Heather Clark, The Grief of Influence

Clark, Heather. The Grief of Influence: Sylvia Plath and Ted Hughes. Oxford University Press: 2011.

In a BBC interview, Hughes claims that he and Plath have “a single, shared mind,” a “Telepathic union” that constitutes a “source of a great deal” in his poetry, “but then emphasizes that when they happen to write about the same subject, they always approach it differently” (1).

In Hughes letters, he admits that “Sylvia & I plundered each other merrily,” and claims to have “designed prototypes, which she put into full Germanic production” (qtd here 3).

Plath and Hughes fall right into Bloom’s anxiety of influence. “Plath’s ‘Black Rook in Rainy Weather,’ for instance, might be termed an ‘inspired misreading’ of Hughes’s ‘The Hawk in the Rain,’ while ‘Lady Lazarus’ is a more willful, parodic revision of several Hughes poems. Hughes’s ‘View of a Pig’ is, by his own admission, a gentle critique of Plath’s ‘Sow,’ but his latter poems in Birthday  Letters challenge Plath’s inheritance” (10).

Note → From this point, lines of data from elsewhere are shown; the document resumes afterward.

Lemma crossing_poly_of_degree cs n b : (size cs <= n)%N ->
  exists2 l, (0 < l)%N &
    polyanalytic_of_degree n (fun z => (crossing_poly cs n b l).[z^*, z]).
Proof.
move=> size_cs; have i_neq0 : 'i != 0 :> C.
  by have := i_plus_nat_neq0 0; rewrite mulr0n addr0.
have [l l_gt0 coefY_neq0] := exists_addrMn_neq0 (coefY n (vertical_lines cs))
  (mulf_neq0 i_neq0 (coefY_slanted_lines_neq0 n b)).
exists l => //; apply: polyanalytic_of_degree_bipoly.
  apply: bideg_leD; first by apply: bideg_leW size_cs _; apply: bideg_le_vertical_lines.
  rewrite -[n in bideg_le n]add0n.
  exact: bideg_leM (bideg_leC _) (bideg_le_slanted_lines b).
by rewrite coefYD coefYCM mulrAC mulr_natr.
Qed.

Lemma crossing_points_cat cs1 cs2 n b :
  crossing_points (cs1 ++ cs2) n b = crossing_points cs1 n b ++ crossing_points cs2 n b.
Proof. exact: allpairs_cat. Qed.

Lemma uniq_crossing_points cs n b : uniq cs -> 0%N \notin cs ->
  {homo b : i j / (i <= j)%N} -> uniq (crossing_points cs n b).
Proof.
move=> uniq_cs cs_neq0 b_homo; apply: allpairs_uniq => //; first exact: iota_uniq.
move=> _ [c' j'] /allpairsP [[c j] /= [c_in _ ->]] _ [] /=.
move=> /eqP; rewrite eqr_nat => /eqP eq_cc'; subst c'.
have c_gt0 : (0 < c)%N by case: c c_in cs_neq0 => // ->.
have column_inj : injective (fun j => j * c + b j).
  apply/incn_inj/leq_mono => i i' lt_ii'.
  rewrite -addSn; apply: leq_add; first by rewrite ltn_pmul2r.
  exact/b_homo/ltnW.
by move=> /eqP; rewrite eqr_nat => /eqP /column_inj ->.
Qed.

Lemma crossing_points_axis n r : (r < n)%N ->
  crossing_points (nseq (0 < r)%N 0%N) n (fun j => minn j r.-1) =i
  [seq 0 +i* j%:R | j <- iota 0 r].
Proof.
case: r => [|r] lt_rn z //; rewrite /crossing_points [X in X = _]/= cats0.
apply/mapP/mapP => [[j _ ->]|[j j_in ->]].
  by exists (minn j r); [rewrite mem_iota; lia | rewrite muln0].
rewrite mem_iota in j_in; exists j; first by rewrite mem_iota; lia.
by rewrite muln0 add0n (minn_idPl _) //; lia.
Qed.
Definition induced_cycle (T : finType) (e : rel T) k (h : 'I_k -> T) : Prop :=
  injective h /\ forall i j, i != j -> e (h i) (h j) = cyc_adj k i j.

(* [v] is adjacent to the vertices of [h] other than itself exactly as a vertex
   of the clique [K_m] of an expansion of [h] would be. *)
Definition at_pos (T : finType) (e : rel T) k (h : 'I_k -> T) (v : T) (m : 'I_k) :=
  [forall j, (v != h j) ==> (e v (h j) == cyc_nbhd m j)].

Section InducedCycle.

Variables (T : finType) (e : rel T) (k : nat) (h : 'I_k -> T).
Hypothesis h_cyc : induced_cycle e h.

Lemma induced_cycle_neq a b : a != b -> h a != h b.
Proof. by rewrite (inj_eq h_cyc.1). Qed.

Lemma induced_cycle_edge a b : a != b -> cyc_adj k a b -> e (h a) (h b).
Proof. by move=> ab; rewrite h_cyc.2. Qed.

Lemma induced_cycle_nonedge a b : ~~ cyc_nbhd a b -> ~~ e (h a) (h b).
Proof. by case/norP=> ab; rewrite h_cyc.2. Qed.

Lemma at_posP v m :
  reflect (forall j, v != h j -> e v (h j) = cyc_nbhd m j) (at_pos e h v m).
Proof.
apply: (iffP forallP) => [pos j vj | pos j]; first by apply/eqP; move: (pos j); rewrite vj.
by apply/implyP => vj; rewrite pos.
Qed.

Lemma at_pos_cycle m : at_pos e h (h m) m.
Proof.
apply/at_posP => j; rewrite (inj_eq h_cyc.1) => mj.
by rewrite h_cyc.2 // /cyc_nbhd (negbTE mj).
Qed.

Lemma at_pos_uniq v m m' : 6 <= k -> at_pos e h v m -> at_pos e h v m' -> m = m'.
Proof.
move=> k_ge6 /at_posP pos /at_posP pos'.
have [i off_i] : exists i, forall j, j != i -> v != h j.
  have [[i ->] | v_off] := on_or_off_cycle h v; last by exists m.
  by exists i => j; rewrite eq_sym; apply: induced_cycle_neq.
by apply: (cyc_nbhd_inj_off k_ge6 (i := i)) => j ji; rewrite -pos ?pos' ?off_i.
Qed.

Lemma at_pos_cycleE l m : 6 <= k -> at_pos e h (h l) m = (m == l).
Proof.
move=> k_ge6; apply/idP/eqP => [l_pos | ->]; last exact: at_pos_cycle.
exact: at_pos_uniq l_pos (at_pos_cycle l).
Qed.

Critics have taken for granted that Hughes is in the “strong” poet in the Plath-Hughes dialectic

Hughes believed in Plath’s poetry, but feared becoming her: the domestic and its stifling confines terrified him (48)

The White Goddess became “talismanic” for Hughes, and he wrote in his letters that it was “the chief holy book of my poetic conscience… in particular, I suppose, what really interested me were those supernatural women. Especially the underworld women” (qtd here 59).

“Plath was destined to become, for Hughes, the human embodiment of the White Goddess – a role she was happy to play for some time, but which she eventually saw as both reductive and repressive” (61).

“Hughes’s nature poems are really war poems in disguise; we might also think of his war poems as marriage poems in disguise” (65).

His Letters show that he was aware of Graves’s warning “that one cannot serve Goddess and wife at the same time” (qtd here 65)

Clark argues that Ariel constitutes “a caricature of Hughes’s poetic femme fatales,” which is, necessarily, a caricature of the Goddess. “She looked to his poems now to mock, to impersonate, to emasculate, to argue, and to flaunt a parodic version of her obedient self” (131).

We should be careful reading this as a liberatory move, however; “her dangerous, predatory women are not voices of self-assertion, but self-annihilation” (134).

Hughes’s Crow “is often engaged in a battle to break free from the great mother, or what D.H. Lawrence termed the ‘Mater Magna’ in Women in  Love” (193).